Unnamed: 0,occurrences,position,neg,neut,pos,unicode_name,unicode_block,sentiment,positive_flag
4,5526,0.803,0.436,0.22,0.343,LOUDLY CRYING FACE,Emoticons,-0.093,False
14,1808,0.826,0.591,0.186,0.223,WEARY FACE,Emoticons,-0.368,False
23,1385,0.858,0.591,0.192,0.217,UNAMUSED FACE,Emoticons,-0.374,False
27,1205,0.866,0.464,0.219,0.318,PENSIVE FACE,Emoticons,-0.146,False
39,798,0.634,0.09,0.853,0.057,FULL BLOCK,Block Elements,-0.033,False


In [None]:
avg_position_positive = positive_emojis_df['position'].mean()
avg_position_negative = negative_emojis_df['position'].mean()

print(f"Average position of positive emojis: {avg_position_positive:.3f}")
print(f"Average position of negative emojis: {avg_position_negative:.3f}")

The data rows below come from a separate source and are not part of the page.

Lemma mod_occ_finite (psi : expr Lmod ar V) : Finite (mod_occ psi).
Proof.
  induction psi as [v | z p IH | l args IH].
  - exists nil. intros [].
  - exact IH.
  - set (f := fun i => proj1_sig (constructive_indefinite_description _ (IH i))).
    assert (Hf : forall i, Full (f i)).
    { intro i. unfold f. destruct (constructive_indefinite_description _ _). assumption. }
    destruct (Fin_Finite (ar l)) as [is His].
    exists (inl tt :: map inr (flat_map (fun i => map (existT _ i) (f i)) is)).
    intros [[] | [i q]]; [now left | right].
    apply in_map, in_flat_map. exists i. split; [apply His | apply in_map, Hf].
Qed.

Lemma mod_occ_inhabited (psi : expr Lmod ar V) (Bd U : V -> Prop) :
  closed_in Bd psi -> guarded_in U psi -> (forall v, Bd v -> U v) ->
  inhabited (mod_occ psi).
Proof.
  revert Bd U.
  induction psi as [v | z p IH | l args IH]; simpl; intros Bd U Hc Hg HBU.
  - exfalso. exact (Hg (HBU v Hc)).
  - apply (IH _ _ Hc Hg). intros v [-> | Hv]; auto.
  - exact (inhabits (inl tt)).
Qed.

Lemma entry_state_guarded (psi : expr Lmod ar V) (U : V -> Prop)
  (emb : mod_occ psi -> Z) (e e' : V -> Z) :
  guarded_in U psi -> (forall v, ~ U v -> e v = e' v) ->
  entry_state psi emb e = entry_state psi emb e'.
Proof.
  revert U.
  induction psi as [v | z p IH | l args IH]; simpl; intros U Hg He.
  - exact (He v Hg).
  - apply (IH emb _ Hg). intros v Hv. apply He. intro; apply Hv; auto.
  - reflexivity.
Qed.

End Occurrences.

Section Quotient.

Variables (A : Type) (R : A -> A -> Prop).

Definition quotient : Type :=
  {P : A -> Prop | exists a, P = clos_refl_sym_trans A R a}.

Definition quotient_map (a : A) : quotient :=
  exist _ (clos_refl_sym_trans A R a) (ex_intro _ a eq_refl).

Lemma quotient_map_sound (a b : A) :
  clos_refl_sym_trans A R a b -> quotient_map a = quotient_map b.
Proof.
  intro Hab. apply subset_eq_compat.
  apply functional_extensionality; intro c. apply propositional_extensionality.
  split; intro Hc.
  - exact (rst_trans _ _ _ _ _ (rst_sym _ _ _ _ Hab) Hc).
  - exact (rst_trans _ _ _ _ _ Hab Hc).
Qed.

Lemma quotient_coalgebra (T : Functor) (alpha : A -> T A) :
  (forall a b, R a b -> fmap quotient_map (alpha a) = fmap quotient_map (alpha b)) ->
  exists omega : quotient -> T quotient, coalg_morphism T alpha omega quotient_map.
Proof.
  intro HR.
  assert (Hcong : forall a b, clos_refl_sym_trans A R a b ->
                    fmap quotient_map (alpha a) = fmap quotient_map (alpha b)).
  { intros a b Hab. induction Hab; congruence || auto. }
  exists (fun s : quotient => fmap quotient_map (alpha (proj1_sig
            (constructive_indefinite_description
               (fun a => proj1_sig s = clos_refl_sym_trans A R a) (proj2_sig s))))).
  intro a. simpl. destruct (constructive_indefinite_description _ _) as [a0 Ha0]; simpl.
  apply Hcong. rewrite Ha0. apply rst_refl.
Qed.

End Quotient.

Lemma coalg_morphism_comp (T : Functor) {X Y W : Type}
  (xi : X -> T X) (zeta : Y -> T Y) (omega : W -> T W) (f : X -> Y) (g : Y -> W) :
  coalg_morphism T xi zeta f -> coalg_morphism T zeta omega g ->
  coalg_morphism T xi omega (fun x => g (f x)).
Proof.
  intros Hf Hg x. unfold coalg_morphism in *. rewrite fmap_comp, Hf. apply Hg.
Qed.

Section Semantics.

Context {T : Functor} {Lmod : Type} {ar : Lmod -> nat}
  (lift : forall l : Lmod, pred_lifting_fam T (ar l)).
Hypothesis Hnat : forall l, is_natural T (ar l) (lift l).
Hypothesis Hmono : forall l, is_monotone T (ar l) (lift l).
Hypothesis Hsing : forall l, singleton_preserving T (ar l) (lift l).

Context {V X : Type} (xi : X -> T X).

if avg_position_positive > avg_position_negative:
    print("Positive emojis are, on average, located further towards the end of tweets than negative emojis.")
elif avg_position_negative > avg_position_positive:
    print("Negative emojis are, on average, located further towards the end of tweets than positive emojis.")
else:
    print("The average positions of positive and negative emojis are similar.")

Average position of positive emojis: 0.662
Average position of negative emojis: 0.681
Negative emojis are, on average, located further towards the end of tweets than positive emojis.